Короля ужасов Соколов наделил неограниченными полномочиями: важный и чопорный, но сочувствующий, он явно знает больше, чем зрители, оценивает историю Оскара — достаточно ли в ней интриги и напряжения? — и, когда терпение заканчивается, разрушает «четвёртую стену»: «Зритель спит и видит сны! Мне нужен триллер!». Словно это сам Максим Соколов говорит.
Ещё одна чистокровная обитательница Голливуда — героиня Кэтрин (Наталья Малевинская/Татьяна Потоцкая) — дива в вечернем платье с перчатками. Её хотелось бы назвать Джоан — как легенду Фабрику грёз Джоан Кроуфорд. Её история о потере сына — «красавчика, умницы, совершенства!» — составляет душещипательную противоположность рассказу Оскара.
Многомерности горю этой леди на грани нервного срыва придаёт то, что слова про «плюшевых мишек и прозрачных золотых рыбок» взяты из пьесы Эдварда Олби «Кто боится Вирджинии Вульф?» — про семейную пару, которая выдумала своего ребёнка. Это фантомная боль, тоска по тому, кого никогда не было рядом.
Дух эры немого кинематографа в спектакль привносит харизматический, «химичный» дуэт грабителей (Евгения Плетнёва и Антон Спиров). Как актёры немого кино, они преувеличенно работают лицами: дьявольски ухмыляются, закрывая Оскару рот. Рисунок их ролей пластический: движения не резки, не брутальны, а полны кошачьей грации. Жизнь мальчика они разрушают играючи, словно танцуя, — с той же безмятежностью, с которой разливают зрителям молоко под тревожную хронику о начале Депрессии.
Их появление сопровождается сонным параличом у Оскара: в текст инсценировки органически вплелось описание этого патологического состояния, оставленное пережившим его на просторах Интернета.
Великую часть времени Кирилл Ратенков, играя Оскара, проводит с закрытыми глазами. Это ночной кошмар, от которого не получается проснуться. Он бродит вслепую, балансируя на спинках кроватей, как канатоходец.
— Он частично проваливается в сон и потом из него выходит, — говорит Максим Соколов. — Он путешествовал, разве сон — это не путешествие? Во сне можно оказаться и в макете поезда. Этот сон начинается, когда папа уходит и заканчивается когда он, наконец, его обретает.
Агонию кошмара усиливает свет обладателя «Золотой маски» за «Губернатора» Андрея Могучего Стаса Свистуновича.
Маленькие лампочки-«розочки» на стеблях-«змейках» оживляют каждую восковую фигуру, белый свет освещает согбенную фигуру отца и бьёт из-под кроватей, а пульсирующая пляска вспышек под жёсткую ритм-секцию почти превращаются в пытку. Свет в спектакле становится мыслящим и жестоким существом, доводящим зрителя до предела возможностей.

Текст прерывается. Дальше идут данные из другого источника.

(* Let $s\geq2$, and define $f_s:\mathrm{Aut}_{s-1}(H)\to k^{\mathbb{Z}}$ by $f_s(\phi)=(\beta_n)_{n\in\mathbb{Z}}$ where $\phi(x^ny^s)=x^ny^s+\beta_n(x^{n+s}-x^n)$ for all $n\in\mathbb{Z}$. Then $f_s$ is a group homomorphism (into the additive group $k^{\mathbb{Z}}$) with $\mathrm{Ker}(f_s)=\mathrm{Aut}_s(H)$.
   Context: Let $k$ be a field and $0\neq q\in k$ not a root of unity. $H=k_q[x,x^{-1},y]$ is the $k$-algebra generated by $x,x^{-1},y$ with $xx^{-1}=x^{-1}x=1$, $yx=qxy$, a Hopf algebra with $\Delta(x)=x\otimes x$, $\Delta(y)=y\otimes x+1\otimes y$, $\varepsilon(x)=1$, $\varepsilon(y)=0$; $\{x^ny^m:n\in\mathbb{Z},m\in\mathbb{N}\}$ is a $k$-basis. $H_0=\mathrm{span}\{x^n\}$, $H(m)=H_0y^m$. $\mathrm{Aut}_c(H)$ is the group under composition of coalgebra automorphisms of $H$, and for $m\geq1$, $\mathrm{Aut}_m(H)=\{\phi\in\mathrm{Aut}_c(H):\phi(h)=h\text{ for all }h\in\sum_{i=0}^mH(i)\}$. $k^{\mathbb{Z}}$ is the group of sequences in $k$ under componentwise addition. It is a fact (proved in the paper) that for every $\phi\in\mathrm{Aut}_{s-1}(H)$ there is a unique $(\beta_n)_n\in k^{\mathbb{Z}}$ with $\phi(x^ny^s)=x^ny^s+\beta_n(x^{n+s}-x^n)$ for all $n$, so $f_s$ is well defined. *)

From HB Require Import structures.
From mathcomp Require Import all_boot all_order all_algebra.
From mathcomp Require Import finmap.
From mathcomp.multinomials Require Import monalg.

Set Implicit Arguments.
Unset Strict Implicit.
Unset Printing Implicit Defensive.

Import Order.TTheory GRing.Theory Num.Theory.
Local Open Scope ring_scope.

(* The underlying vector space of H = k_q[x,x^-1,y]: the basis element
   x^n y^m is the index (n, m) : int * nat. *)
Definition HH (k : fieldType) := {malg k[(int * nat)%type]}.
(* H (x) H, with basis x^a y^b (x) x^c y^d indexed by ((a,b),(c,d)). *)
Definition HT (k : fieldType) := {malg k[((int * nat) * (int * nat))%type]}.

Definition mono (k : fieldType) (n : int) (m : nat) : HH k := << (n, m) >>.

Fixpoint qbin (k : fieldType) (q : k) (m i : nat) : k :=
  match m, i with
  | 0, 0 => 1
  | 0, _.+1 => 0
  | _.+1, 0 => 1
  | m'.+1, i'.+1 => q ^+ (m' - i') * qbin q m' i' + qbin q m' i'.+1
  end.

(* Delta(x^n y^m) = (x(x)x)^n (y(x)x + 1(x)y)^m
                  = sum_{i=0}^m [m choose i]_q  x^n y^i (x) x^(n+i) y^(m-i),
   using (1(x)y)(y(x)x) = q (y(x)x)(1(x)y) since yx = qxy. *)
Definition comul_mono (k : fieldType) (q : k) (p : int * nat) : HT k :=
  \sum_(i < p.2.+1)
     << qbin q p.2 i *g ((p.1, (i : nat)), (p.1 + (i : nat)%:Z, (p.2 - i)%N)) >>.

Definition comul (k : fieldType) (q : k) (v : HH k) : HT k :=
  \sum_(p <- msupp v) v@_p *: comul_mono q p.

Definition counit (k : fieldType) (v : HH k) : k :=
  \sum_(p <- msupp v | p.2 == 0%N) v@_p.

Definition tens (k : fieldType) (u v : HH k) : HT k :=
  \sum_(a <- msupp u) \sum_(b <- msupp v) << u@_a * v@_b *g (a, b) >>.

Definition tmap (k : fieldType) (phi : HH k -> HH k) (w : HT k) : HT k :=
  \sum_(p <- msupp w) w@_p *: tens (phi << p.1 >>) (phi << p.2 >>).

Definition is_coalg_aut (k : fieldType) (q : k) (phi : HH k -> HH k) : Prop :=
  [/\ (forall u v, phi (u + v) = phi u + phi v),
      (forall (a : k) u, phi (a *: u) = a *: phi u),
      bijective phi,
      (forall h, comul q (phi h) = tmap phi (comul q h)) &
      (forall h, counit (phi h) = counit h)].

Definition in_Hle (k : fieldType) (m : nat) (h : HH k) : Prop :=
  forall p, p \in msupp h -> (p.2 <= m)%N.

Definition is_Aut_m (k : fieldType) (q : k) (m : nat) (phi : HH k -> HH k) :=
  is_coalg_aut q phi /\ (forall h, in_Hle m h -> phi h = h).

From HB Require Import structures.
From mathcomp Require Import all_boot all_order all_algebra.
From mathcomp Require Import finmap.
From mathcomp.multinomials Require Import monalg.
Import Order.TTheory GRing.Theory Num.Theory.
Local Open Scope ring_scope.
Set Implicit Arguments.
Unset Strict Implicit.

(* Aut_{s-1}(H) is closed under composition; for the comultiplication this is
   (phi (x) phi) (psi (x) psi) = phi psi (x) phi psi, which follows from the
   bilinearity of (x). For phi, psi in Aut_{s-1}(H), the vector x^{n+s} - x^n
   lies in H(0), so it is fixed by phi, and
     phi (psi (x^n y^s)) = phi (x^n y^s) + beta_psi(n) (x^{n+s} - x^n)
                         = x^n y^s + (beta_phi(n) + beta_psi(n)) (x^{n+s} - x^n);
   comparing coefficients of x^{n+s} gives additivity of f_s. An element of
   Aut_{s-1}(H) fixes every x^n y^s exactly when f_s vanishes on it, and then
   it fixes all of H(0) + ... + H(s) by linearity. *)

Section LinearExtension.
Variables (k : fieldType) (K : choiceType) (V : lmodType k).

Definition lext (T : K -> V) (w : {malg k[K]}) : V :=
  \sum_(p <- msupp w) w@_p *: T p.

Lemma lext_fsub T (d : {fset K}) w : (msupp w `<=` d)%fset ->
  lext T w = \sum_(p <- d) w@_p *: T p.
Proof.
move=> le; rewrite /lext [LHS](big_fset_incl _ le) => //= x _ /mcoeff_outdom ->.
by rewrite scale0r.
Qed.

Lemma lextD T u v : lext T (u + v) = lext T u + lext T v.
Proof.
set E := (msupp u `|` msupp v `|` msupp (u + v))%fset.
rewrite (@lext_fsub T E u) ?(@lext_fsub T E v) ?(@lext_fsub T E (u + v)).
- by rewrite -big_split; apply/eq_bigr=> p _; rewrite mcoeffD scalerDl.
- exact: fsubsetUr.
- by rewrite /E fsetUC fsetUA fsubsetUr.
- by rewrite /E -fsetUA fsubsetUl.
Qed.

Lemma lextZ T (c : k) u : lext T (c *: u) = c *: lext T u.
Proof.
rewrite (lext_fsub T (msuppZ_le c u)) /lext scaler_sumr.
by apply/eq_bigr=> p _; rewrite mcoeffZ scalerA.
Qed.

Lemma lextU T (c : k) p : lext T << c *g p >> = c *: T p.
Proof. by rewrite (lext_fsub T msuppU_le) big_seq_fset1 mcoeffUU. Qed.

Lemma eq_lext T1 T2 w : T1 =1 T2 -> lext T1 w = lext T2 w.
Proof. by move=> e; apply/eq_bigr=> p _; rewrite e. Qed.

End LinearExtension.

Lemma malgUZ (k : fieldType) (K : choiceType) (c : k) (p : K) :
  << c *g p >> = c *: (<< p >> : {malg k[K]}).
Proof. by apply/malgP => x; rewrite mcoeffZ !mcoeffU mulr_natr. Qed.

Lemma lext_malgU (k : fieldType) (K : choiceType) (w : {malg k[K]}) :
  lext (fun p => << p >>) w = w.
Proof. by rewrite [RHS]monalgE; apply/eq_bigr => p _; rewrite malgUZ. Qed.

Lemma lext_swap (k : fieldType) (K1 K2 : choiceType) (V : lmodType k)
  (X : K1 -> K2 -> V) u w :
  lext (fun b => lext (X^~ b) u) w = lext (fun a => lext (X a) w) u.
Proof.
rewrite /lext; under eq_bigr do rewrite scaler_sumr.
rewrite exchange_big /=; apply/eq_bigr => a _; rewrite scaler_sumr.
by apply/eq_bigr => b _; rewrite !scalerA mulrC.
Qed.

Section AdditiveScalableMap.
Variables (k : fieldType) (V W : lmodType k) (F : V -> W).
Hypotheses (FD : forall u v, F (u + v) = F u + F v)
           (FZ : forall (a : k) u, F (a *: u) = a *: F u).

Lemma map_lext (K : choiceType) (T : K -> V) w :
  F (lext T w) = lext (F \o T) w.
Proof.
have F0 : F 0 = 0 by rewrite -(scale0r (0 : V)) FZ scale0r.
by rewrite /lext (big_morph F FD F0); apply/eq_bigr => p _; rewrite FZ.
Qed.

End AdditiveScalableMap.

Lemma lext_map_malgU (k : fieldType) (K : choiceType) (V : lmodType k)
    (F : {malg k[K]} -> V) :
  (forall u v, F (u + v) = F u + F v) ->
  (forall (a : k) u, F (a *: u) = a *: F u) ->
  forall w, F w = lext (fun p => F << p >>) w.
Proof. by move=> FD FZ w; rewrite -{1}(lext_malgU w) (map_lext FD FZ). Qed.

Lemma tens_lext (k : fieldType) (u v : HH k) :
  tens u v = lext (fun a => lext (fun b => (<< (a, b) >> : HT k)) v) u.
Proof.
rewrite /tens /lext; apply/eq_bigr => a _; rewrite scaler_sumr.
by apply/eq_bigr => b _; rewrite malgUZ scalerA.
Qed.

Lemma tens_lextl (k : fieldType) (K : choiceType) (T : K -> HH k) w (v : HH k) :
  tens (lext T w) v = lext (fun p => tens (T p) v) w.
Proof.
rewrite tens_lext (map_lext (lextD _) (lextZ _)).
by apply: eq_lext => p; rewrite /= tens_lext.
Qed.

Lemma tens_lextr (k : fieldType) (K : choiceType) (T : K -> HH k) w (u : HH k) :
  tens u (lext T w) = lext (fun p => tens u (T p)) w.
Proof.
rewrite tens_lext.
under eq_lext do rewrite (map_lext (lextD _) (lextZ _)).
by rewrite -lext_swap; apply: eq_lext => p; rewrite /= tens_lext.
Qed.

Lemma tmapE (k : fieldType) (phi : HH k -> HH k) w :
  tmap phi w = lext (fun p => tens (phi << p.1 >>) (phi << p.2 >>)) w.
Proof. by []. Qed.

Section TensorSquare.
Variables (k : fieldType) (phi : HH k -> HH k).
Hypotheses (phiD : forall u v, phi (u + v) = phi u + phi v)
           (phiZ : forall (a : k) u, phi (a *: u) = a *: phi u).

Lemma tmap_tens (u v : HH k) : tmap phi (tens u v) = tens (phi u) (phi v).
Proof.
rewrite tmapE tens_lext (map_lext (lextD _) (lextZ _)).
rewrite (lext_map_malgU phiD phiZ u) (lext_map_malgU phiD phiZ v) tens_lextl.
apply: eq_lext => a; rewrite /= (map_lext (lextD _) (lextZ _)) tens_lextr.
by apply: eq_lext => b; rewrite /= lextU scale1r.
Qed.

Lemma tmap_comp (psi : HH k -> HH k) (w : HT k) :
  tmap phi (tmap psi w) = tmap (phi \o psi) w.
Proof.
rewrite (tmapE psi) (tmapE phi) (map_lext (lextD _) (lextZ _)).
by apply: eq_lext => p; rewrite /= -tmapE tmap_tens.
Qed.

End TensorSquare.

Lemma is_coalg_aut_comp (k : fieldType) (q : k) phi psi :
  is_coalg_aut q phi -> is_coalg_aut q psi -> is_coalg_aut q (phi \o psi).
Proof.
case=> D1 Z1 B1 C1 E1 [D2 Z2 B2 C2 E2]; split => /=.
- by move=> u v; rewrite D2 D1.
- by move=> a u; rewrite Z2 Z1.
- exact: bij_comp.
- by move=> h; rewrite C1 C2 tmap_comp.
- by move=> h; rewrite E1 E2.
Qed.

Lemma is_Aut_m_comp (k : fieldType) (q : k) m phi psi :
  is_Aut_m q m phi -> is_Aut_m q m psi -> is_Aut_m q m (phi \o psi).
Proof.
move=> [A1 F1] [A2 F2]; split; first exact: is_coalg_aut_comp.
by move=> h hh /=; rewrite F2 // F1.
Qed.

Lemma is_Aut_m_le (k : fieldType) (q : k) m m' phi :
  (m <= m')%N -> is_Aut_m q m' phi -> is_Aut_m q m phi.
Proof.
move=> le [A F]; split=> // h hh; apply: F => p /hh /leq_trans; exact.
Qed.

Lemma in_HleU (k : fieldType) m (p : int * nat) :
  (p.2 <= m)%N -> in_Hle m (<< p >> : HH k).
Proof. by move=> hp x; rewrite msuppU oner_eq0 inE => /eqP ->. Qed.

Lemma fix_in_Hle (k : fieldType) m (phi : HH k -> HH k) :
  (forall u v, phi (u + v) = phi u + phi v) ->
  (forall (a : k) u, phi (a *: u) = a *: phi u) ->
  (forall p, (p.2 <= m)%N -> phi << p >> = << p >>) ->
  forall h, in_Hle m h -> phi h = h.
Proof.
move=> phiD phiZ fixU h hh; rewrite (lext_map_malgU phiD phiZ) -[RHS]lext_malgU.
by rewrite /lext !big_seq; apply: eq_bigr => p /hh /fixU ->.
Qed.

Definition xpow_diff (k : fieldType) (n : int) (s : nat) : HH k :=
  mono k (n + s%:Z) 0 - mono k n 0.

Lemma in_Hle_xpow_diff {k : fieldType} {m n s} : in_Hle m (xpow_diff k n s).
Proof.
move=> x /(fsubsetP (msuppB_le _ _)); rewrite inE /mono !msuppU !oner_eq0 !inE.
by case/orP => /eqP ->.
Qed.

Lemma mcoeff_xpow_diff (k : fieldType) n s : (0 < s)%N ->
  (xpow_diff k n s)@_(n + s%:Z, 0%N) = 1.
Proof.
move=> s_gt0; rewrite mcoeffB /mono !mcoeffU eqxx mulr1n.
suff /negbTE -> : (n, 0%N) != (n + s%:Z, 0%N) by rewrite subr0.
apply: contraTneq s_gt0 => -[/eqP].
by rewrite -{1}[n]addr0 (inj_eq (addrI n)) eq_sym eqz_nat => /eqP ->.
Qed.

Lemma xpow_diff_scale_inj (k : fieldType) n s (x : HH k) (a b : k) : (0 < s)%N ->
  x + a *: xpow_diff k n s = x + b *: xpow_diff k n s -> a = b.
Proof.
move=> s_gt0 /addrI /(congr1 (mcoeff (n + s%:Z, 0%N))).
by rewrite !mcoeffZ mcoeff_xpow_diff // !mulr1.
Qed.

Section CoefficientMap.
Variables (k : fieldType) (q : k) (s : nat) (f : (HH k -> HH k) -> int -> k).
Hypothesis s_gt0 : (0 < s)%N.
Hypothesis fE : forall phi, is_Aut_m q s.-1 phi ->
  forall n, phi (mono k n s) = mono k n s + f phi n *: xpow_diff k n s.

Lemma f_eq phi n b : is_Aut_m q s.-1 phi ->
  phi (mono k n s) = mono k n s + b *: xpow_diff k n s -> f phi n = b.
Proof. by move=> A; rewrite (fE A) => /(xpow_diff_scale_inj s_gt0). Qed.

Lemma f_comp phi psi : is_Aut_m q s.-1 phi -> is_Aut_m q s.-1 psi ->
  forall n, f (phi \o psi) n = f phi n + f psi n.
Proof.
move=> A1 A2 n; apply: f_eq; first exact: is_Aut_m_comp.
have [[phiD phiZ _ _ _] phi_fix] := A1.
rewrite /= (fE A2) phiD phiZ (fE A1) (phi_fix _ in_Hle_xpow_diff).
by rewrite -addrA -scalerDl.
Qed.

Lemma f_ker phi :
  (is_Aut_m q s.-1 phi /\ forall n, f phi n = 0) <-> is_Aut_m q s phi.
Proof.
split=> [[A f0] | A].
- have [Ac phi_fix] := A; have [phiD phiZ _ _ _] := Ac; split=> //.
  apply: (fix_in_Hle phiD phiZ) => -[n m] /=.
  rewrite leq_eqVlt => /orP[/eqP-> | lt_ms].
    by rewrite -/(mono k n s) (fE A) f0 scale0r addr0.
  by apply: phi_fix; apply: in_HleU; rewrite /= -ltnS prednK.
- have As1 : is_Aut_m q s.-1 phi by apply: is_Aut_m_le A; exact: leq_pred.
  split=> // n; apply: f_eq => //.
  by rewrite scale0r addr0; apply: A.2; apply: in_HleU.
Qed.

End CoefficientMap.

Theorem lemma3p6 (k : fieldType) (q : k) (hq0 : q != 0)
  (hq : forall n : nat, (0 < n)%N -> q ^+ n != 1)
  (s : nat) (hs : (2 <= s)%N)
  (f : (HH k -> HH k) -> int -> k)
  (hf : forall phi, is_Aut_m q s.-1 phi ->
        forall n : int,
          phi (mono k n s) =
          mono k n s + f phi n *: (mono k (n + s%:Z) 0 - mono k n 0)) :
  (forall phi psi, is_Aut_m q s.-1 phi -> is_Aut_m q s.-1 psi ->
     forall n : int, f (phi \o psi) n = f phi n + f psi n)
  /\
  (forall phi, (is_Aut_m q s.-1 phi /\ (forall n : int, f phi n = 0))
               <-> is_Aut_m q s phi).
Proof.
have s_gt0 : (0 < s)%N by apply: leq_trans hs.
split=> [phi psi | phi]; [exact: (f_comp s_gt0 hf) | exact: (f_ker s_gt0 hf)].
Qed.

«Тайна внутри», — говорит ассистент Янь Пень (Юрий Бегметюк) маэстро Хичкоку, недовольному сентиментальностью и незакрученностью интриги. А девочка Китти в поезде замечает Оскару мимоходом: «Вам, наверное, лет 30 или 40».
Встреча отца с сыном (а, может быть, встреча мальчика с самим собой — взрослым?) исполнена щемящей тоски и милосердия ко всем — к папам, мальчикам и даже тем истуканам с пустыми глазами, которые каждую минуту думают о том, чтобы не продешевить. Главное — верить. Верить в себя и стать беспомощными, как дети, «потому что слабость велика, а сила ничтожна…».